Your task
Could each record be written out again exactly as it stands?

Extracted information
··········
Section Rigidity.
Variables (n p : nat) (w u v : 'S_n.+1) (chi : 'S_p).
Hypotheses (size_w : size (cLRMp w) = p) (size_u : size (cLRMp u) = p).
Hypothesis chi_sizes : forall i : 'I_p, nth 0 (cLRMp w) (chi i) = nth 0 (cLRMp u) i.
Hypothesis v_blocks : forall (i : 'I_p) (x : 'I_n.+1),
  x \in SetC n.+1 (cLRMp u) i -> v x \in SetC n.+1 (cLRMp w) (chi i).
Hypothesis v_Vshape : forall i : 'I_p, Vshape v (SetC n.+1 (cLRMp u) i).
Hypothesis vu_w : forall x, v (u x) = w x.

Definition fixed_from k := [/\ forall i : 'I_p, k <= i -> chi i = i,
  block_start u k = block_start w k &
  forall x : 'I_n.+1, block_start u k <= x -> v x = x].

Lemma fixed_from_size : fixed_from p.
Proof.
split=> [i|//|x]; first by rewrite leqNgt ltn_ord.
  by rewrite -{1}size_u -size_w !block_start_size.
by rewrite -size_u block_start_size leqNgt ltn_ord.
Qed.

Section Step.
Variable k : nat.
Hypothesis k_lt_p : k < p.
Hypothesis start_eq : block_start u k.+1 = block_start w k.+1.
Hypothesis v_fixed : forall x : 'I_n.+1, block_start u k.+1 <= x -> v x = x.

Let k_u : k < size (cLRMp u). Proof. by rewrite size_u. Qed.
Let k_w : k < size (cLRMp w). Proof. by rewrite size_w. Qed.

Lemma v_ltn_start (y : 'I_n.+1) :
  y < block_start u k.+1 -> v y < block_start u k.+1.
Proof.
rewrite !ltnNge; apply: contra => vy_ge.
by have /perm_inj <- := v_fixed vy_ge.
Qed.

Lemma v_block_start (c : 'I_n.+1) :
  val c = block_start u k -> val (v c) = block_start w k.
Proof.
(* Both u^-1(c) and w^-1(b) are the first position at which w takes a value
   below block_start u k.+1. *)
move=> cE; pose b : 'I_n.+1 := Ordinal (block_start_lt k_w).
have u_before (j : 'I_n.+1) : j < (u^-1)%g c -> block_start u k.+1 <= w j.
  by move=> j_lt; rewrite -vu_w v_fixed // (before_block_start k_u cE j_lt).
have w_before (j : 'I_n.+1) : j < (w^-1)%g b -> block_start u k.+1 <= w j.
  by rewrite start_eq; apply: before_block_start.
have w_at_u : w ((u^-1)%g c) < block_start u k.+1.
  by rewrite -vu_w permKV v_ltn_start // cE ltn_block_start // ltnW.
have w_at_w : w ((w^-1)%g b) < block_start u k.+1.
  by rewrite permKV start_eq /= ltn_block_start // ltnW.
suff posE : (u^-1)%g c = (w^-1)%g b
  by have := vu_w ((u^-1)%g c); rewrite permKV posE permKV => ->.
apply: val_inj; case: (ltngtP ((u^-1)%g c) ((w^-1)%g b)) => // pos_lt.
  by have := w_before _ pos_lt; rewrite leqNgt w_at_u.
by have := u_before _ pos_lt; rewrite leqNgt w_at_w.
Qed.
··········
Response area
Section Rigidity.
Variables (n p : nat) (w u v : 'S_n.+1) (chi : 'S_p).
Hypotheses (size_w : size (cLRMp w) = p) (size_u : size (cLRMp u) = p).
Hypothesis chi_sizes : forall i : 'I_p, nth 0 (cLRMp w) (chi i) = nth 0 (cLRMp u) i.
Hypothesis v_blocks : forall (i : 'I_p) (x : 'I_n.+1),
  x \in SetC n.+1 (cLRMp u) i -> v x \in SetC n.+1 (cLRMp w) (chi i).
Hypothesis v_Vshape : forall i : 'I_p, Vshape v (SetC n.+1 (cLRMp u) i).
Hypothesis vu_w : forall x, v (u x) = w x.

Definition fixed_from k := [/\ forall i : 'I_p, k <= i -> chi i = i,
  block_start u k = block_start w k &
  forall x : 'I_n.+1, block_start u k <= x -> v x = x].

Lemma fixed_from_size : fixed_from p.
Proof.
split=> [i|//|x]; first by rewrite leqNgt ltn_ord.
  by rewrite -{1}size_u -size_w !block_start_size.
by rewrite -size_u block_start_size leqNgt ltn_ord.
Qed.

Section Step.
Variable k : nat.
Hypothesis k_lt_p : k < p.
Hypothesis start_eq : block_start u k.+1 = block_start w k.+1.
Hypothesis v_fixed : forall x : 'I_n.+1, block_start u k.+1 <= x -> v x = x.

Let k_u : k < size (cLRMp u). Proof. by rewrite size_u. Qed.
Let k_w : k < size (cLRMp w). Proof. by rewrite size_w. Qed.

Lemma v_ltn_start (y : 'I_n.+1) :
  y < block_start u k.+1 -> v y < block_start u k.+1.
Proof.
rewrite !ltnNge; apply: contra => vy_ge.
by have /perm_inj <- := v_fixed vy_ge.
Qed.

Lemma v_block_start (c : 'I_n.+1) :
  val c = block_start u k -> val (v c) = block_start w k.
Proof.
(* Both u^-1(c) and w^-1(b) are the first position at which w takes a value
   below block_start u k.+1. *)
move=> cE; pose b : 'I_n.+1 := Ordinal (block_start_lt k_w).
have u_before (j : 'I_n.+1) : j < (u^-1)%g c -> block_start u k.+1 <= w j.
  by move=> j_lt; rewrite -vu_w v_fixed // (before_block_start k_u cE j_lt).
have w_before (j : 'I_n.+1) : j < (w^-1)%g b -> block_start u k.+1 <= w j.
  by rewrite start_eq; apply: before_block_start.
have w_at_u : w ((u^-1)%g c) < block_start u k.+1.
  by rewrite -vu_w permKV v_ltn_start // cE ltn_block_start // ltnW.
have w_at_w : w ((w^-1)%g b) < block_start u k.+1.
  by rewrite permKV start_eq /= ltn_block_start // ltnW.
suff posE : (u^-1)%g c = (w^-1)%g b
  by have := vu_w ((u^-1)%g c); rewrite permKV posE permKV => ->.
apply: val_inj; case: (ltngtP ((u^-1)%g c) ((w^-1)%g b)) => // pos_lt.
  by have := w_before _ pos_lt; rewrite leqNgt w_at_u.
by have := u_before _ pos_lt; rewrite leqNgt w_at_w.
Qed.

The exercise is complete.